_What you will do:_
Exact reproduction required: the lines below from the line with "(forall i, (i" to the line with "Definition cone_base := set_type cone_dom.", both ends included, and no others.

-- Data extract follows --

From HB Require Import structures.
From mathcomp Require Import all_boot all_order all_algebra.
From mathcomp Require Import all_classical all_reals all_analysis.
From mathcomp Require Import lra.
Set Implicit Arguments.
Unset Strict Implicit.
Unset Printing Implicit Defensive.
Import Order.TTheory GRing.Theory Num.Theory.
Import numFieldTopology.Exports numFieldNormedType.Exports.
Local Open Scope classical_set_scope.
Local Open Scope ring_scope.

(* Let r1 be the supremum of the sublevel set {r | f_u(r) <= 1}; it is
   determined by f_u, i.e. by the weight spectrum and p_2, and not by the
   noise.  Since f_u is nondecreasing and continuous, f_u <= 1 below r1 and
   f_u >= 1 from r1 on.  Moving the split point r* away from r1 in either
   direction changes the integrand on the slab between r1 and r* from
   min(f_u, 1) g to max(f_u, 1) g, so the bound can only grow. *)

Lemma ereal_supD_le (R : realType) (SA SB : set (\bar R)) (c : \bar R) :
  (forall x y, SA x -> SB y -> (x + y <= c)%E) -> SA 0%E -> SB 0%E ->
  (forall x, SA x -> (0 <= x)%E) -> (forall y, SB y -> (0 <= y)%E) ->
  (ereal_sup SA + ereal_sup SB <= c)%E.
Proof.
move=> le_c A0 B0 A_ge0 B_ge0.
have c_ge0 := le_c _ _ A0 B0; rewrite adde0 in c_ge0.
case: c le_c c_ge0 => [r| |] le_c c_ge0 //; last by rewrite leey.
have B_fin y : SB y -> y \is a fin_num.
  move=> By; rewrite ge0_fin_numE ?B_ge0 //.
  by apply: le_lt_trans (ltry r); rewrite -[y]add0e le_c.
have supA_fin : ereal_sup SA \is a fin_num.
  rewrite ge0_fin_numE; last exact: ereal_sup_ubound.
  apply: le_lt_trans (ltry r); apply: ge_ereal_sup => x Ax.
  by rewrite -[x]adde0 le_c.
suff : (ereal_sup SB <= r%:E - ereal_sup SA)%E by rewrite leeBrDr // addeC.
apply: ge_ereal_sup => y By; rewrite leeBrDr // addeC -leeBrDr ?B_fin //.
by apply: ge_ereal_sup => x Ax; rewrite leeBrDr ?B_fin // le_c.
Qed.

-- Data extract concluded --
-- Data extract follows --

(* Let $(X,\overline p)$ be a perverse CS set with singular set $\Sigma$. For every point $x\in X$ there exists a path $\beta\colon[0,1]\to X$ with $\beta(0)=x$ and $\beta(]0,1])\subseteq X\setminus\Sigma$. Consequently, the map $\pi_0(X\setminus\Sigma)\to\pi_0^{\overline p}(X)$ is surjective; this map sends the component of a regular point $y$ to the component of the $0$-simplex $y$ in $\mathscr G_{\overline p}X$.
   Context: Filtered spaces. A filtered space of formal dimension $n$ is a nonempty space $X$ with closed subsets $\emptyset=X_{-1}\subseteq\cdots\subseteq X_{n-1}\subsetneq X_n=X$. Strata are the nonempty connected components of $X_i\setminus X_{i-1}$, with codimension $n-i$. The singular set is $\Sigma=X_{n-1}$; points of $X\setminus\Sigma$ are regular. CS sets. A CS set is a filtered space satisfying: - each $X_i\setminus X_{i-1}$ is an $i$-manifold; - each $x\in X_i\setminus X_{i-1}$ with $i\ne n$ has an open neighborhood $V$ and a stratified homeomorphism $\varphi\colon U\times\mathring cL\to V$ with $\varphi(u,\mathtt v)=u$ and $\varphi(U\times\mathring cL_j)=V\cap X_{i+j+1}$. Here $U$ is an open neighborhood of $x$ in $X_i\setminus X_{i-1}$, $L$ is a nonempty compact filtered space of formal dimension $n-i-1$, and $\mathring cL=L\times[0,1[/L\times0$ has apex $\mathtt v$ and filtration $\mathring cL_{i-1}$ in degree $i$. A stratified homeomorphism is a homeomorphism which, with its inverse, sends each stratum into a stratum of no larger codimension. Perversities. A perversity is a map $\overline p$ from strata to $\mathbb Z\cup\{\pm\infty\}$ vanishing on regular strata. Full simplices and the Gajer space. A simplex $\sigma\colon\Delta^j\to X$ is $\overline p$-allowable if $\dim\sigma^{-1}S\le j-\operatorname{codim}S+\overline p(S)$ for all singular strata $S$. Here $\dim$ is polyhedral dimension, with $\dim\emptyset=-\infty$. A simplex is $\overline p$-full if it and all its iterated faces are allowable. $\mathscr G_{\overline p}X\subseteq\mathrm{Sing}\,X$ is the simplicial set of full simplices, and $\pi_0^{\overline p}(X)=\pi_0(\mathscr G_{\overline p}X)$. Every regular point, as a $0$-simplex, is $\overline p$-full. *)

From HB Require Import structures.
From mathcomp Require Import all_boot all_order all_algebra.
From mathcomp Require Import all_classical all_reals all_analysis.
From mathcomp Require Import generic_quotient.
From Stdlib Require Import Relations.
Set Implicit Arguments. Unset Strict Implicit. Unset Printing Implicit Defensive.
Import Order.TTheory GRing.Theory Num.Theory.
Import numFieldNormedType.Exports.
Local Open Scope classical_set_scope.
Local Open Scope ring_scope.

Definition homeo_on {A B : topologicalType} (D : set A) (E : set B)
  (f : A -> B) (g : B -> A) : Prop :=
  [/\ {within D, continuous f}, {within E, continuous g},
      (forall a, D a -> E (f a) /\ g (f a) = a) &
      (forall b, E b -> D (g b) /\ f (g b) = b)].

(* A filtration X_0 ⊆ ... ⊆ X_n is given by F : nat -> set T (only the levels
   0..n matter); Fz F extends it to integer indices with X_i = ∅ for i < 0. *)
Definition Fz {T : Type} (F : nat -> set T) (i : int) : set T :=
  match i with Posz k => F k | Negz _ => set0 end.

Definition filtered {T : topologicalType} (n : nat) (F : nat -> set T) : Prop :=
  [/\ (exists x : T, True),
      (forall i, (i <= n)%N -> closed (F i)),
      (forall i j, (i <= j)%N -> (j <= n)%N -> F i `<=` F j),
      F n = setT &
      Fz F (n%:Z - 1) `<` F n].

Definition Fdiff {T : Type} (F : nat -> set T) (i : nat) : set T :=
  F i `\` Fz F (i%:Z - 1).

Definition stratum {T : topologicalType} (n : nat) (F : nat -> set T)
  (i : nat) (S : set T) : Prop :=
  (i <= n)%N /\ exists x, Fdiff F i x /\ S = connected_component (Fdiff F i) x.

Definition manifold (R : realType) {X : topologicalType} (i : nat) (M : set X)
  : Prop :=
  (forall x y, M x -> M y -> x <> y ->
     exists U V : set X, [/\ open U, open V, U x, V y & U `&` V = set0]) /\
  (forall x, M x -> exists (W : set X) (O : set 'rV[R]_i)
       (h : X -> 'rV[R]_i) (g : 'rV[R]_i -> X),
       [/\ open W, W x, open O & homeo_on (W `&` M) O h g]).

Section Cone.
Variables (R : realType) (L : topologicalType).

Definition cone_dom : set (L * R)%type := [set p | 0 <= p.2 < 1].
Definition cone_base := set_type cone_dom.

-- Data extract concluded --

_Reply to the exercise:_
      (forall i, (i <= n)%N -> closed (F i)),
      (forall i j, (i <= j)%N -> (j <= n)%N -> F i `<=` F j),
      F n = setT &
      Fz F (n%:Z - 1) `<` F n].

Definition Fdiff {T : Type} (F : nat -> set T) (i : nat) : set T :=
  F i `\` Fz F (i%:Z - 1).

Definition stratum {T : topologicalType} (n : nat) (F : nat -> set T)
  (i : nat) (S : set T) : Prop :=
  (i <= n)%N /\ exists x, Fdiff F i x /\ S = connected_component (Fdiff F i) x.

Definition manifold (R : realType) {X : topologicalType} (i : nat) (M : set X)
  : Prop :=
  (forall x y, M x -> M y -> x <> y ->
     exists U V : set X, [/\ open U, open V, U x, V y & U `&` V = set0]) /\
  (forall x, M x -> exists (W : set X) (O : set 'rV[R]_i)
       (h : X -> 'rV[R]_i) (g : 'rV[R]_i -> X),
       [/\ open W, W x, open O & homeo_on (W `&` M) O h g]).

Section Cone.
Variables (R : realType) (L : topologicalType).

Definition cone_dom : set (L * R)%type := [set p | 0 <= p.2 < 1].
Definition cone_base := set_type cone_dom.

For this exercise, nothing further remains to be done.